We’ll start with an example dataframe where the data recorder enters the Abundance of two species of kelp, Saccharina and Agarum in the years 1999, 2000 and 2004.
kelpdf <- data.frame(
Year = c(1999, 2000, 2004, 1999, 2004),
Taxon = c("Saccharina", "Saccharina", "Saccharina", "Agarum", "Agarum"),
Abundance = c(4,5,2,1,8)
)
kelpdf
Jarrett points out that Agarum is not listed for the year 2000. Does this mean it wasn’t observed (Abundance = 0) or that it wasn’t recorded (Abundance = NA)? Only the person who recorded the data knows, but let’s assume that the this means the Abundance was 0 for that year.
We can use the complete()
function to make our dataset more complete.
kelpdf %>%
complete(Year, Taxon)
This gives us an NA for Agarum in 2000, but we want it to be a 0 instead. We can use the fill
argument to assign the fill value.
kelpdf %>% complete(Year, Taxon, fill = list(Abundance = 0))
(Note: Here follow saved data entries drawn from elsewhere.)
(* A pair inverted for both orders contributes 2, one inverted for exactly one
   order contributes 1. *)
Lemma odd_oinvD d (t : d.-tuple T) :
  odd (oinv od lt1 t + oinv od lt2 t) = odd (pair_count odd_disagree t).
Proof.
pose both (kl : 'I_d * 'I_d) := [&& (kl.1 < kl.2)%N, od (tnth t kl.1), od (tnth t kl.2),
                    lt1 (tnth t kl.2) (tnth t kl.1) & lt2 (tnth t kl.2) (tnth t kl.1)].
suff -> : (oinv od lt1 t + oinv od lt2 t =
           pair_count odd_disagree t + 2 * \sum_(kl : 'I_d * 'I_d) (both kl : nat))%N.
  by rewrite oddD oddM addbF.
rewrite /oinv /pair_count !card_natE -big_split big_distrr -big_split /=.
apply: eq_bigr => kl _; rewrite /odd_disagree /both.
move: (kl.1 < kl.2)%N (od (tnth t kl.1)) (od (tnth t kl.2))
  (lt1 (tnth t kl.2) (tnth t kl.1)) (lt2 (tnth t kl.2) (tnth t kl.1)).
by do 5! case.
Qed.

Lemma ytens_order_indep (R : idomainType) (isc : pred T) d (b : d.-tuple T) :
  ytens R od isc lt1 b = ytens R od isc lt2 b.
Proof.
apply/ffunP => t; rewrite !ffunE; case: ifP => // tb; congr (_ * _).
rewrite -signr_odd -[RHS]signr_odd !oddD; congr (_ ^+ nat_of_bool _).
have := odd_oinvD t; rewrite (pair_count_perm odd_disagree_irr odd_disagree_sym tb).
rewrite -odd_oinvD !oddD.
by case: (odd (oinv od lt1 t)); case: (odd (oinv od lt2 t));
   case: (odd (oinv od lt1 b)); case: (odd (oinv od lt2 b)).
Qed.
End OrderIndependence.

Section GammaCombination.
Variables (R : idomainType) (T : finType) (od isc : pred T) (lt : rel T) (d : nat).

Definition gamma_comb (P : pred T) (c : {ffun d.-tuple T -> R}) : {ffun d.-tuple T -> R} :=
  [ffun t => \sum_(b : d.-tuple T | admissible od b && all P b) c b * ytens R od isc lt b t].

Lemma ytens_perm (b t : d.-tuple T) : ytens R od isc lt b t != 0 -> perm_eq t b.
Proof. by rewrite ffunE; case: ifP; rewrite ?eqxx. Qed.

Lemma ytens_eq0_all (S : pred T) (b t : d.-tuple T) :
  all S t != all S b -> ytens R od isc lt b t = 0.
Proof. by apply: contraNeq => /ytens_perm /perm_all ->. Qed.

Lemma gamma_comb_out (P : pred T) c (t : d.-tuple T) : ~~ all P t -> gamma_comb P c t = 0.
Proof.
move=> Pt; rewrite ffunE big1 // => b /andP[_ Pb].
by rewrite (@ytens_eq0_all P) ?mulr0 // Pb (negbTE Pt).
Qed.

Lemma gamma_combE (P S : pred T) c (t : d.-tuple T) : all S t ->
  gamma_comb P c t =
  \sum_(b : d.-tuple T | admissible od b && all P b && all S b) c b * ytens R od isc lt b t.
Proof.
move=> St; rewrite ffunE [RHS]big_mkcondr; apply: eq_bigr => b _.
by case: (boolP (all S b)) => // Sb; rewrite (@ytens_eq0_all S) ?mulr0 // St (negbTE Sb).
Qed.
End GammaCombination.

Lemma sum_tuple_prod (R : comPzSemiRingType) (T : finType) d (G : 'I_d -> T -> R) :
  \sum_(w : d.-tuple T) \prod_(k < d) G k (tnth w k) = \prod_(k < d) \sum_(y : T) G k y.
Proof.
rewrite bigA_distr_bigA (reindex (fun f : {ffun 'I_d -> T} => [tuple f k | k < d])) /=.
  by apply: eq_bigr => f _; apply: eq_bigr => k _; rewrite tnth_mktuple.
exists (fun w : d.-tuple T => [ffun k => tnth w k]) => [f _ | w _].
  by apply/ffunP => k; rewrite ffunE tnth_mktuple.
by apply: eq_from_tnth => k; rewrite tnth_mktuple ffunE.
Qed.

Lemma prodr_nat_bool (R : comPzSemiRingType) (I : finType) (P : pred I) :
  \prod_(i : I) (P i)%:R = [forall i, P i]%:R :> R.
Proof.
case: (boolP [forall i, P i]) => [/forallP PI | /forallPn[i Pi]].
  by rewrite big1 // => i _; rewrite PI.
by rewrite (bigD1 i) //= (negbTE Pi) mul0r.
Qed.

(* An even pure tensor commutes past every factor, so all Koszul signs are 1. *)
Lemma tact_even_pure (R : idomainType) (T1 T2 : finType) (o1 : pred T1) (o2 : pred T2)
    (c : T1 -> T2 -> T2 -> R) d (x : {ffun d.-tuple T1 -> R}) (g : T2 -> R) :
  (forall y, g y != 0 -> ~~ o2 y) ->
  tact o1 o2 c x [ffun w : d.-tuple T2 => \prod_(k < d) g (tnth w k)] =
  [ffun z => \sum_(u : d.-tuple T1)
               x u * \prod_(k < d) \sum_(y : T2) g y * c (tnth u k) y (tnth z k)].
Proof.
move=> g_even; apply/ffunP => z; rewrite !ffunE; apply: eq_bigr => u _.
rewrite -sum_tuple_prod big_distrr; apply: eq_bigr => w _.
rewrite ffunE big_split /= -!mulrA; congr (_ * _).
have [-> | gw_neq0] := eqVneq (\prod_(k < d) g (tnth w k)) 0; first by rewrite !mul0r.
suff -> : ksgn R o1 o2 u w = 1 by rewrite mul1r.
rewrite /ksgn (@eq_card0 _ _) ?expr0 // => kl; rewrite !inE.
have /g_even/negbTE -> : g (tnth w kl.1) != 0.
  by apply: contraNneq gw_neq0 => gk0; rewrite (bigD1 kl.1) //= gk0 mul0r.
by rewrite !andbF.
Qed.

Section FirstColumn.
Variables (R : idomainType) (I : finType) (kd : I -> kind) (mu : I -> I -> I -> R)
  (n : nat) (i1 : 'I_n) (d : nat).

Local Notation TC := (I * 'I_n)%type.
Local Notation TM := (I * 'I_n * 'I_n)%type.

Definition to_col1 (p : TC) : TM := (p, i1).
Definition to_col1T (t : d.-tuple TC) : d.-tuple TM := map_tuple to_col1 t.
Definition of_col1T (z : d.-tuple TM) : d.-tuple TC := map_tuple fst z.
Definition in_col1 (z : d.-tuple TM) := all (fun p : TM => p.2 == i1) z.
Definition extend_col1 (v : {ffun d.-tuple TC -> R}) : {ffun d.-tuple TM -> R} :=
  [ffun z => if in_col1 z then v (of_col1T z) else 0].

Lemma to_col1_inj : injective to_col1.
Proof. by move=> p q [->]. Qed.

Lemma to_col1TK : cancel to_col1T of_col1T.
Proof. by move=> t; apply: val_inj; rewrite /= -map_comp map_id. Qed.

Lemma of_col1TK z : in_col1 z -> to_col1T (of_col1T z) = z.
Proof.
move=> /all_tnthP z1; apply: eq_from_tnth => k; rewrite !tnth_map.
by move: (z1 k); case: (tnth z k) => p s /= /eqP ->.
Qed.

Lemma in_col1T t : in_col1 (to_col1T t).
Proof. by apply/all_tnthP => k; rewrite tnth_map. Qed.

Definition col1_pred (P : pred TC) : pred TM := fun q => (q.2 == i1) && P q.1.

Lemma all_col1_predE P (z : d.-tuple TM) : all (col1_pred P) z = in_col1 z && all P (of_col1T z).
Proof. by rewrite /in_col1 all_map -all_predI; apply: eq_all. Qed.

Lemma extend_col1T v t : extend_col1 v (to_col1T t) = v t.
Proof. by rewrite ffunE in_col1T to_col1TK. Qed.

Lemma extend_col1_linear (a : R) (u v : {ffun d.-tuple TC -> R}) :
  extend_col1 [ffun t => a * u t + v t] =
  [ffun z : d.-tuple TM => a * extend_col1 u z + extend_col1 v z].
Proof. by apply/ffunP => z; rewrite !ffunE; case: ifP; rewrite ?ffunE // mulr0 addr0. Qed.

Lemma extend_col1_inj : injective extend_col1.
Proof. by move=> u v uv; apply/ffunP => t; rewrite -!extend_col1T uv. Qed.

Lemma sum_col1 (F : d.-tuple TM -> R) : (forall z, ~~ in_col1 z -> F z = 0) ->
  \sum_(z : d.-tuple TM) F z = \sum_(t : d.-tuple TC) F (to_col1T t).
Proof.
move=> F0; rewrite (bigID in_col1) /= [X in _ + X]big1 ?addr0; last by move=> z /F0.
rewrite (reindex_onto to_col1T of_col1T); last by move=> z /of_col1TK.
by apply: eq_bigl => t; rewrite in_col1T to_col1TK eqxx.
Qed.

Lemma extend_col1_act (x : {ffun d.-tuple TM -> R}) v :
  extend_col1 (actT kd mu x v) = mulT kd mu x (extend_col1 v).
Proof.
apply/ffunP => z; rewrite /mulT /actT /tact !ffunE.
under [RHS]eq_bigr => u _.
  rewrite (sum_col1 (F := fun w => x u * extend_col1 v w * _ * _)); last first.
    by move=> w /negbTE w1; rewrite ffunE w1 mulr0 !mul0r.
  under eq_bigr => w _ do rewrite extend_col1T.
  over.
case: (boolP (in_col1 z)) => [z1 | ]; last first.
  rewrite /in_col1 -forallb_tnth => /forallPn[k zk1]; symmetry.
  apply: big1 => u _; apply: big1 => w _.
  by rewrite (bigD1 k) //= /muM tnth_map /= (negbTE zk1) !andbF mul0r mulr0.
apply: eq_bigr => u _; apply: eq_bigr => w _; congr (_ * _ * _).
  by rewrite /ksgn; congr (_ ^+ _); apply: eq_card => kl; rewrite !inE tnth_map.
apply: eq_bigr => k _; rewrite /muM /actC !tnth_map /=.
by move/all_tnthP: z1 => /(_ k) ->; rewrite andbT.
Qed.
Now we have what we want. Let’s assume that all years between 1999 and 2004 that aren’t listed should actually be assigned a value of 0. We can use the full_seq()
function from tidyr
to fill out our dataset with all years 1999-2004 and assign Abundance values of 0 to those years & species for which there was no observation.
kelpdf %>% complete(Year = full_seq(Year, period = 1),
Taxon,
fill = list(Abundance = 0))
Other links
- Tidying up Data - Env Info - Rmd
- Data wrangling with dplyr and tidyr - Tyler Clavelle & Dan Ovando - Rmd
Key Points
The
gather
function turns columns into rows (make a dataset tidy).The
spread
function turns rows into columns (make a dataset wide).Tidy dataset go hand in hand with
ggplot2
plotting.The
complete
function fills in implicitely missing observations (balance the number of observations).